Task statement >> In the records below, find the line that contains "- rewrite !(app_assoc t u). apply vb_rel;" and the line that contains "intros u v H.", then retype exactly those two lines and every line between them.

╭──

(* Let $V_1=\langle\lambda_{12},\lambda_{21}\rangle$ and let $V_2^*$ be the normal closure in $VP_3$ of $V_2=\langle\lambda_{13},\lambda_{23},\lambda_{31},\lambda_{32}\rangle$. Then $V_2^*$ is a free group, freely generated by $\lambda_{13}$, $\lambda_{23}$, all elements $\lambda_{31}^v$ where $v$ ranges over the empty word and the reduced words in $\lambda_{12}^{\pm1},\lambda_{21}^{\pm1}$ beginning with a nonzero power of $\lambda_{21}$, and all elements $\lambda_{32}^u$ where $u$ ranges over the empty word and the reduced words in $\lambda_{12}^{\pm1},\lambda_{21}^{\pm1}$ beginning with a nonzero power of $\lambda_{12}$.
   Context: Notation: $a^b=b^{-1}ab$. The virtual braid group $VB_3$ has generators $\sigma_1,\sigma_2,\rho_1,\rho_2$ and defining relations $\sigma_1\sigma_2\sigma_1=\sigma_2\sigma_1\sigma_2$, $\rho_1\rho_2\rho_1=\rho_2\rho_1\rho_2$, $\rho_1^2=\rho_2^2=1$, $\rho_1\rho_2\sigma_1=\sigma_2\rho_1\rho_2$. $VP_3$ is the kernel of the homomorphism $VB_3\to S_3$ sending $\sigma_i,\rho_i$ to $(i,i+1)$. Define $\lambda_{12}=\rho_1\sigma_1^{-1}$, $\lambda_{21}=\sigma_1^{-1}\rho_1$, $\lambda_{23}=\rho_2\sigma_2^{-1}$, $\lambda_{32}=\sigma_2^{-1}\rho_2$, $\lambda_{13}=\rho_2\lambda_{12}\rho_2$, $\lambda_{31}=\rho_2\lambda_{21}\rho_2$. The group $V_1$ is free on $\lambda_{12},\lambda_{21}$. *)

(* VB_3 is presented as words in the generators modulo the
   congruence generated by free cancellation and the defining relators. *)
From Stdlib Require Import List Bool.
Import ListNotations.

Inductive gen := s1 | s2 | r1 | r2.

(* a letter (g, e): e = false means g, e = true means g^{-1} *)
Definition letter := (gen * bool)%type.
Definition word := list letter.

Definition flip (x : letter) : letter := (fst x, negb (snd x)).
Definition inv_word (w : word) : word := rev (map flip w).
Definition G (g : gen) : word := [(g, false)].
Definition Gi (g : gen) : word := [(g, true)].

Definition relators : list word :=
  [ G s1 ++ G s2 ++ G s1 ++ inv_word (G s2 ++ G s1 ++ G s2);
    G r1 ++ G r2 ++ G r1 ++ inv_word (G r2 ++ G r1 ++ G r2);
    G r1 ++ G r1;
    G r2 ++ G r2;
    G r1 ++ G r2 ++ G s1 ++ inv_word (G s2 ++ G r1 ++ G r2) ].

Inductive vb_eq : word -> word -> Prop :=
| vb_refl w : vb_eq w w
| vb_sym u v : vb_eq u v -> vb_eq v u
| vb_trans u v w : vb_eq u v -> vb_eq v w -> vb_eq u w
| vb_cancel u x v : vb_eq (u ++ [x; flip x] ++ v) (u ++ v)
| vb_rel u r v : In r relators -> vb_eq (u ++ r ++ v) (u ++ v).

Definition swap (a b k : nat) : nat :=
  if Nat.eqb k a then b else if Nat.eqb k b then a else k.
Definition gen_perm (g : gen) : nat -> nat :=
  match g with s1 | r1 => swap 0 1 | s2 | r2 => swap 1 2 end.
Definition word_perm (w : word) : nat -> nat :=
  fold_right (fun x f => fun k => f (gen_perm (fst x) k)) (fun k => k) w.

Definition in_VP3 (w : word) : Prop := forall k, k < 3 -> word_perm w k = k.

(* conjugation a^b = b^{-1} a b *)
Definition conj (a b : word) : word := inv_word b ++ a ++ b.

Definition lam12 : word := G r1 ++ Gi s1.
Definition lam21 : word := Gi s1 ++ G r1.
Definition lam23 : word := G r2 ++ Gi s2.
Definition lam32 : word := Gi s2 ++ G r2.
Definition lam13 : word := G r2 ++ lam12 ++ G r2.
Definition lam31 : word := G r2 ++ lam21 ++ G r2.

Definition pw (w : word) (e : bool) : word := if e then inv_word w else w.

Definition V2_gens : list word := [lam13; lam23; lam31; lam32].

Inductive in_V2star : word -> Prop :=
| v2s_nil : in_V2star []
| v2s_cons w h e g : in_V2star w -> In h V2_gens -> in_VP3 g ->
    in_V2star (w ++ conj (pw h e) g)
| v2s_eq u v : vb_eq u v -> in_V2star u -> in_V2star v.

(* words in lam12^{+-1}, lam21^{+-1}: letter (b, e), b = false : lam12,
   b = true : lam21; e = true : inverse *)
Definition fword := list (bool * bool).
Definition eval_f (v : fword) : word :=
  flat_map (fun x : bool * bool => pw (if fst x then lam21 else lam12) (snd x)) v.

Fixpoint reduced {A : Type} (l : list (A * bool)) : Prop :=
  match l with
  | [] => True
  | x :: l' =>
      match l' with
      | [] => True
      | y :: _ => ~ (fst x = fst y /\ snd x <> snd y) /\ reduced l'
      end
  end.

Inductive idx :=
| I13 | I23
| I31 (v : fword)
| I32 (u : fword).

Definition begins_with (b : bool) (v : fword) : Prop :=
  match v with [] => True | x :: _ => fst x = b end.

Definition valid_idx (i : idx) : Prop :=
  match i with
  | I13 | I23 => True
  | I31 v => reduced v /\ begins_with true v
  | I32 u => reduced u /\ begins_with false u
  end.

Definition basis (i : idx) : word :=
  match i with
  | I13 => lam13
  | I23 => lam23
  | I31 v => conj lam31 (eval_f v)
  | I32 u => conj lam32 (eval_f u)
  end.

Definition eval_idx (l : list (idx * bool)) : word :=
  flat_map (fun x : idx * bool => pw (basis (fst x)) (snd x)) l.

(* Reidemeister-Schreier, made effective.  Every element of VB_3 has the form
   v x p with v in V_1 = F(lam12, lam21), x a word in the proposed basis and
   p one of the six rho-permutation words.  Right multiplication by a letter
   of VB_3 is computed on such triples: p z = lam p' with lam some lam_ij,
   and conjugation by lam12, lam21 acts on the basis by explicit free-group
   automorphisms phi.  Every defining relator acts trivially, so this is an
   action of VB_3 on triples with v and x reduced.  Acting on the trivial
   triple, a nonempty reduced basis word yields itself, hence is nontrivial;
   an element of the normal closure of V_2 yields (1, x, 1), whose x expresses
   it in the basis.  The finitely many group identities this needs are
   checked by evaluating rewriting certificates. *)

From Stdlib Require Import List Bool Arith Lia Setoid.
Import ListNotations.

Lemma vb_eq_app_r u v t : vb_eq u v -> vb_eq (u ++ t) (v ++ t).
Proof.
  induction 1.
  - apply vb_refl.
  - apply vb_sym; assumption.
  - eapply vb_trans; eassumption.
  - rewrite <- !app_assoc. apply vb_cancel.
  - rewrite <- !app_assoc. apply vb_rel; assumption.
Qed.

Lemma vb_eq_app_l u v t : vb_eq u v -> vb_eq (t ++ u) (t ++ v).
Proof.
  induction 1.
  - apply vb_refl.
  - apply vb_sym; assumption.
  - eapply vb_trans; eassumption.
  - rewrite !(app_assoc t u). apply vb_cancel.
  - rewrite !(app_assoc t u). apply vb_rel; assumption.
Qed.

Add Parametric Relation : word vb_eq
  reflexivity proved by vb_refl
  symmetry proved by vb_sym
  transitivity proved by vb_trans as vb_eq_setoid.

Add Parametric Morphism : (@app letter) with signature vb_eq ==> vb_eq ==> vb_eq as app_vb_eq.
Proof.
  intros u u' Hu v v' Hv. transitivity (u' ++ v).
  - apply vb_eq_app_r, Hu.
  - apply vb_eq_app_l, Hv.
Qed.

Lemma flip_involutive x : flip (flip x) = x.
Proof. destruct x; unfold flip; simpl; rewrite negb_involutive; reflexivity. Qed.

Lemma inv_word_app u v : inv_word (u ++ v) = inv_word v ++ inv_word u.
Proof. unfold inv_word; rewrite map_app, rev_app_distr; reflexivity. Qed.

Lemma inv_word_involutive u : inv_word (inv_word u) = u.
Proof.
  unfold inv_word; rewrite map_rev, rev_involutive, map_map.
  erewrite map_ext; [apply map_id | intro; apply flip_involutive].
Qed.

Lemma vb_app_inv_r w : vb_eq (w ++ inv_word w) [].
Proof.
  induction w as [|x w IH]; [reflexivity|].
  unfold inv_word in *; simpl. rewrite app_assoc.
  change (x :: (w ++ rev (map flip w)) ++ [flip x])
    with ([x] ++ (w ++ rev (map flip w)) ++ [flip x]).
  rewrite IH. exact (vb_cancel [] x []).
Qed.

Lemma vb_app_inv_l w : vb_eq (inv_word w ++ w) [].
Proof. rewrite <- (inv_word_involutive w) at 2. apply vb_app_inv_r. Qed.

Add Parametric Morphism : inv_word with signature vb_eq ==> vb_eq as inv_word_vb_eq.
Proof.
  intros u v H. transitivity (inv_word u ++ v ++ inv_word v).
  - rewrite vb_app_inv_r, app_nil_r; reflexivity.
  - transitivity (inv_word u ++ u ++ inv_word v).
    + apply vb_eq_app_l, vb_eq_app_r, vb_sym, H.
    + rewrite app_assoc, vb_app_inv_l; reflexivity.
Qed.

Lemma pw_negb w e : pw w (negb e) = inv_word (pw w e).
Proof. destruct e; simpl; [rewrite inv_word_involutive|]; reflexivity. Qed.

Definition vb_trivial (r : word) : Prop := vb_eq r [].

Lemma vb_trivial_insert u v r : vb_trivial r -> vb_eq (u ++ r ++ v) (u ++ v).
Proof. intro H; unfold vb_trivial in H; rewrite H; reflexivity. Qed.

Lemma relator_trivial r : In r relators -> vb_trivial r.
Proof. intro H; pose proof (vb_rel [] r [] H) as K; rewrite !app_nil_r in K; exact K. Qed.

Lemma vb_trivial_rotate a b : vb_trivial (a ++ b) -> vb_trivial (b ++ a).
Proof.
  unfold vb_trivial; intro H.
  transitivity (b ++ (a ++ b) ++ inv_word b).
  - replace (b ++ (a ++ b) ++ inv_word b) with ((b ++ a) ++ (b ++ inv_word b))
      by (rewrite !app_assoc; reflexivity).
    rewrite vb_app_inv_r, app_nil_r; reflexivity.
  - rewrite H; apply vb_app_inv_r.
Qed.

(** * Rewriting certificates *)

Definition rotations (r : word) : list word :=
  map (fun k => skipn k r ++ firstn k r) (seq 0 (length r)).
Definition symmetrize (rs : list word) : list word :=
  flat_map (fun r => rotations r ++ rotations (inv_word r)) rs.

Lemma rotations_trivial r : vb_trivial r -> Forall vb_trivial (rotations r).
Proof.
  intro H; unfold rotations; apply Forall_forall; intros w Hw.
  apply in_map_iff in Hw; destruct Hw as [k [<- _]].
  apply vb_trivial_rotate; rewrite firstn_skipn; exact H.
Qed.

Lemma symmetrize_trivial rs : Forall vb_trivial rs -> Forall vb_trivial (symmetrize rs).
Proof.
  induction 1 as [|r rs Hr _ IH]; simpl; [constructor|].
  apply Forall_app; split; [apply Forall_app; split|exact IH].
  - apply rotations_trivial, Hr.
  - apply rotations_trivial. unfold vb_trivial in *. rewrite Hr. reflexivity.
Qed.

Class EqDecision (A : Type) := eq_dec : forall a b : A, {a = b} + {a <> b}.

#[export] Instance gen_eq_decision : EqDecision gen.
Proof. intros a b; decide equality. Defined.
#[export] Instance bool_eq_decision : EqDecision bool := bool_dec.
#[export] Instance nat_eq_decision : EqDecision nat := Nat.eq_dec.
#[export] Instance prod_eq_decision {A B} `{EqDecision A} `{EqDecision B} : EqDecision (A * B).
Proof. intros x y; decide equality; apply eq_dec. Defined.
#[export] Instance list_eq_decision {A} `{EqDecision A} : EqDecision (list A) := list_eq_dec eq_dec.

Definition is_rho (g : gen) : bool := match g with r1 | r2 => true | _ => false end.

(* Canonical forms modulo free cancellation and rho_i^2 = 1; [canon_push]
   pushes a letter onto a reversed canonical word. *)
Definition normalize_rho (x : letter) : letter := if is_rho (fst x) then (fst x, false) else x.
Definition canon_push (x : letter) (s : word) : word :=
  let x' := normalize_rho x in
  match s with
  | h :: s' => if eq_dec h (flip x') then s'
               else if is_rho (fst x') && (if eq_dec h x' then true else false) then s'
               else x' :: s
  | [] => [x']
  end.
Definition canon (w : word) : word := rev (fold_left (fun s x => canon_push x s) w []).

Lemma rho_square_trivial g : is_rho g = true -> vb_trivial [(g, false); (g, false)].
Proof.
  intro E; apply relator_trivial. destruct g; try discriminate; simpl; tauto.
Qed.

Lemma normalize_rho_vb_eq x : vb_eq [x] [normalize_rho x].
Proof.
  destruct x as [g [|]]; unfold normalize_rho; simpl; destruct (is_rho g) eqn:E; try reflexivity.
  transitivity ([(g, true)] ++ [(g, false); (g, false)] ++ []).
  - symmetry; apply vb_trivial_insert, rho_square_trivial, E.
  - exact (vb_cancel [] (g, true) [(g, false)]).
Qed.

Lemma canon_push_vb_eq s x w : vb_eq (rev s ++ x :: w) (rev (canon_push x s) ++ w).
Proof.
  transitivity (rev s ++ [normalize_rho x] ++ w).
  { change (x :: w) with ([x] ++ w). rewrite normalize_rho_vb_eq. reflexivity. }
  assert (Hrho : is_rho (fst (normalize_rho x)) = true -> snd (normalize_rho x) = false).
  { destruct x as [g b]; unfold normalize_rho; simpl.
    destruct (is_rho g) eqn:E; simpl; intro; congruence. }
  unfold canon_push. set (x' := normalize_rho x) in *. clearbody x'.
  destruct s as [|h s']; [reflexivity|]. simpl rev.
  destruct (eq_dec h (flip x')) as [->|_].
  { rewrite <- app_assoc. pose proof (vb_cancel (rev s') (flip x') w) as K.
    rewrite flip_involutive in K. exact K. }
  destruct (is_rho (fst x')) eqn:R; [destruct (eq_dec h x') as [->|_]|]; simpl.
  - rewrite <- app_assoc. destruct x' as [g b]; simpl in *. rewrite (Hrho eq_refl).
    apply (vb_trivial_insert _ _ [_; _]), rho_square_trivial, R.
  - rewrite <- !app_assoc; reflexivity.
  - rewrite <- !app_assoc; reflexivity.
Qed.

Lemma canon_vb_eq w : vb_eq w (canon w).
Proof.
  enough (K : forall s, vb_eq (rev s ++ w) (rev (fold_left (fun s x => canon_push x s) w s)))
    by exact (K []).
  induction w as [|x w IH]; intro s; simpl.
  - rewrite app_nil_r; reflexivity.
  - rewrite canon_push_vb_eq, IH. reflexivity.
Qed.

(* A certificate is a list of pairs (position, index into the pool RR): insert
   that relator at that position and recompute the canonical form. *)
Definition insert_at (n : nat) (r w : word) : word := firstn n w ++ r ++ skipn n w.
Definition rewrite_with (RR : list word) (st : list (nat * nat)) (w : word) : word :=
  fold_left (fun w p => canon (insert_at (fst p) (nth (snd p) RR []) w)) st (canon w).
Definition certifies (RR : list word) (st : list (nat * nat)) (A B : word) : bool :=
  if eq_dec (rewrite_with RR st A) (canon B) then true else false.

Lemma rewrite_with_vb_eq RR st w : Forall vb_trivial RR -> vb_eq w (rewrite_with RR st w).
Proof.
  intro HR. unfold rewrite_with. generalize (canon w) (canon_vb_eq w).
  induction st as [|[n k] st IH]; intros w0 H; cbn [fold_left fst snd]; [exact H|].
  apply IH. rewrite <- canon_vb_eq. unfold insert_at.
  assert (Ht : vb_trivial (nth k RR [])).
  { destruct (Nat.lt_ge_cases k (length RR)).
    - eapply Forall_forall; [exact HR | apply nth_In; assumption].
    - rewrite nth_overflow by assumption. apply vb_refl. }
  rewrite vb_trivial_insert by exact Ht. rewrite firstn_skipn. exact H.
Qed.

╰──

Your response >>
  - rewrite !(app_assoc t u). apply vb_rel; assumption.
Qed.

Add Parametric Relation : word vb_eq
  reflexivity proved by vb_refl
  symmetry proved by vb_sym
  transitivity proved by vb_trans as vb_eq_setoid.

Add Parametric Morphism : (@app letter) with signature vb_eq ==> vb_eq ==> vb_eq as app_vb_eq.
Proof.
  intros u u' Hu v v' Hv. transitivity (u' ++ v).
  - apply vb_eq_app_r, Hu.
  - apply vb_eq_app_l, Hv.
Qed.

Lemma flip_involutive x : flip (flip x) = x.
Proof. destruct x; unfold flip; simpl; rewrite negb_involutive; reflexivity. Qed.

Lemma inv_word_app u v : inv_word (u ++ v) = inv_word v ++ inv_word u.
Proof. unfold inv_word; rewrite map_app, rev_app_distr; reflexivity. Qed.

Lemma inv_word_involutive u : inv_word (inv_word u) = u.
Proof.
  unfold inv_word; rewrite map_rev, rev_involutive, map_map.
  erewrite map_ext; [apply map_id | intro; apply flip_involutive].
Qed.

Lemma vb_app_inv_r w : vb_eq (w ++ inv_word w) [].
Proof.
  induction w as [|x w IH]; [reflexivity|].
  unfold inv_word in *; simpl. rewrite app_assoc.
  change (x :: (w ++ rev (map flip w)) ++ [flip x])
    with ([x] ++ (w ++ rev (map flip w)) ++ [flip x]).
  rewrite IH. exact (vb_cancel [] x []).
Qed.

Lemma vb_app_inv_l w : vb_eq (inv_word w ++ w) [].
Proof. rewrite <- (inv_word_involutive w) at 2. apply vb_app_inv_r. Qed.

Add Parametric Morphism : inv_word with signature vb_eq ==> vb_eq as inv_word_vb_eq.
Proof.
  intros u v H. transitivity (inv_word u ++ v ++ inv_word v).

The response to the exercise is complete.